You are very probably a typical Mr. But. You make “tolerant” jokes behind the backs of your fellow Americans, about their clothes, complexions, speech, manners, and names. You regard yourself as tolerant, and in that one adjective you most fittingly describe yourself. You really don’t like people, you tolerate them. You are very tolerant, Mr. But. You leave a luncheon meeting at which you sat next to a Negro and talked with him (and you tell your friends about it for months to come). You are so flushed and filled with your own goodness that if the thought could father the deed you would take flight on your new angelic wings.

Thomas Jefferson saw this very clearly in his letter to Henry Lee on August 10, 1824:

Men by their constitution are naturally divided into two parties:

1. Those who fear and distrust the people, and wish to draw all powers from them into the hands of the higher classes.

2. Those who identify themselves with the people, have confidence in them, cherish and consider them as the most honest and safe, although not the most wise depository of the public interests.

In every country these two parties exist, and in every one where they are free to think, speak, and write, they will declare themselves. Call them, therefore, Liberals and Serviles, Jacobins and Ultras, Whigs and Tories, Republicans and Federalists, Aristocrats and Democrats, or by whatever name you please, they are the same parties still and pursue the same object. The last appellution of Aristocrats and Democrats is the true one expressing the essence of all.

During Jefferson’s lifetime the words Democrat and Radical were synonymous. Just as people then were divided between those who feared and disliked people and those who liked them, so is Jefferson’s observation as true today as it was in 1824 and as true as it always has been since the beginning of mankind.

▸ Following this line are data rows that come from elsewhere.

Section Attractor.
Context {X : Type} {d : X -> X -> R} {F : R -> X -> X} {G : X -> Prop} {e0 : R}.
Hypothesis Hd : is_metric d.
Hypothesis HF : is_semiflow d F.
Hypothesis HG : is_global_attractor d F G.
Hypothesis He0 : 0 < e0.
Hypothesis Hattr : attracts d F G (nbhd d e0 G).
Hypothesis Hunif : forall e, 0 < e -> exists delta, 0 < delta /\
  forall t s z w, 0 <= t <= 1 -> 0 <= s <= 1 ->
    W_set d F e0 G z -> W_set d F e0 G w ->
    Rabs (t - s) < delta -> d z w < delta -> d (F t z) (F s w) < e.

Notation W := (W_set d F e0 G).

Lemma W_of_nbhd x : nbhd d e0 G x -> W x.
Proof.
  intros Hx. exists 0, x. split; [lra |]. split; [exact Hx | symmetry; apply (flow_zero HF)].
Qed.

Lemma W_forward a t : W a -> 0 <= t -> W (F t a).
Proof.
  intros [s [y [Hs [Hy ->]]]] Ht. exists (t + s), y. split; [lra |]. split; [exact Hy |].
  symmetry. apply (flow_add HF); assumption.
Qed.

Lemma attractor_forward x t : G x -> 0 <= t -> G (F t x).
Proof. intros Hx Ht. apply (proj1 (proj1 (proj2 HG) t Ht)), Hx. Qed.

Lemma flow_unif_cont_W_unit e : 0 < e -> exists r, 0 < r /\
  forall a b, W a -> W b -> d a b < r -> forall t, 0 <= t <= 1 -> d (F t a) (F t b) < e.
Proof.
  intros He. destruct (Hunif e He) as [r [Hr H]]. exists r. split; [exact Hr |].
  intros a b Ha Hb Hab t Ht. apply H; auto. rewrite Rminus_diag, Rabs_R0. exact Hr.
Qed.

There were those few, and there will be more, who really liked people, loved people — all people. They were the human torches setting aflame the hearts of men so that they passionately fought for the rights of there fellow men, all men. They were hated, feared, and branded as radicals. They wore the epithet of radical as a badge of honor. They fought for the right of men to govern themselves, for the right of men to walk erect as free men and not grovel before kings, for the Bill of Rights, for the abolition of slavery, for public education. And for everything decent and worthwhile. They loved men and fought for them. Their neighbors misery is their misery. They acted as they believed.

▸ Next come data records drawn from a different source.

Arguments enc {N K S A C Rt n}.
Arguments dec {N K S A C Rt n}.

Definition sent {N K S A C Rt n} (c : code N K S A C Rt n) (m : list nat)
  : list nat := map (fun k => enc c k m) (seq 1 K).

Definition err_event {N K S A C Rt n} (c : code N K S A C Rt n)
  (m : list nat) : bool :=
  existsb (fun j => negb (Nat.eqb (dec c j (sent c m) m) (msg j m))) (seq 1 N).

Fixpoint count_tuples (sizes : list nat) (P : list nat -> bool) : nat :=
  match sizes with
  | [] => if P [] then 1%nat else 0%nat
  | s :: ss =>
      fold_right Nat.add 0%nat
        (map (fun x => count_tuples ss (fun l => P (x :: l))) (seq 0 s))
  end.

Definition err_prob {N K S A C Rt n} (c : code N K S A C Rt n) : R :=
  let sizes := map (msize n Rt) (seq 1 N) in
  INR (count_tuples sizes (err_event c)) /
  INR (count_tuples sizes (fun _ => true)).

Definition achievable (N K : nat) (S A : nat -> list nat) (C : nat -> R)
  (Rt : nat -> R) : Prop :=
  (forall j, (1 <= j <= N)%nat -> 0 <= Rt j) /\
  exists cs : forall n, code N K S A C Rt n,
    Un_cv (fun n => err_prob (cs n)) 0.

Definition capacity_region (N K : nat) (S A : nat -> list nat) (C : nat -> R)
  (Rt : nat -> R) : Prop :=
  forall eps, 0 < eps -> exists Rt', achievable N K S A C Rt' /\
    forall j, (1 <= j <= N)%nat -> Rabs (Rt j - Rt' j) < eps.

Definition S_ex (k : nat) : list nat :=
  match k with
  | 1%nat => [1; 2; 3]%nat
  | 2%nat => [2; 3; 4]%nat
  | 3%nat => [1; 2; 4; 5]%nat
  | _ => []
  end.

So you are an Irish Catholic? The one who suffers from the white, native-born Protestant, Mr, But. You are the one who accuses him of prejudice! Let’s take a good look at you. Do you like people? Of course you do. But what about Protestants? What about Jews? What about Negroes and Chinese? What about your fellow Catholics — Italians, Poles, Lithuanians, Slovaks, Mexicans, Puerto Ricans, and others? What about your fellow Irish? How many of you look down on them as inferior to yourselves? Don’t you call your own illiterate and poor “Shanty Irish”? How many of your own frustrations how you rationalized by blaming it on “Catholic” prejudice? Is the Catholic Church so very important in your life because it represents a spiritual sanctuary or because it’s a political power for jobs and material success. There are a few of you that have gone out to battle against narrow nationalism, anti-Semitism, Jim Crow, and for the bettering of the economic conditions of all mankind. Those few did this because the were devoted to the welfare of all of their fellow man. To them Catholisicm was a living everyday faith and way of life. They were real Catholics in spite of the disapproval of parts of the formal church. There were your radicals. They are your proud heritage.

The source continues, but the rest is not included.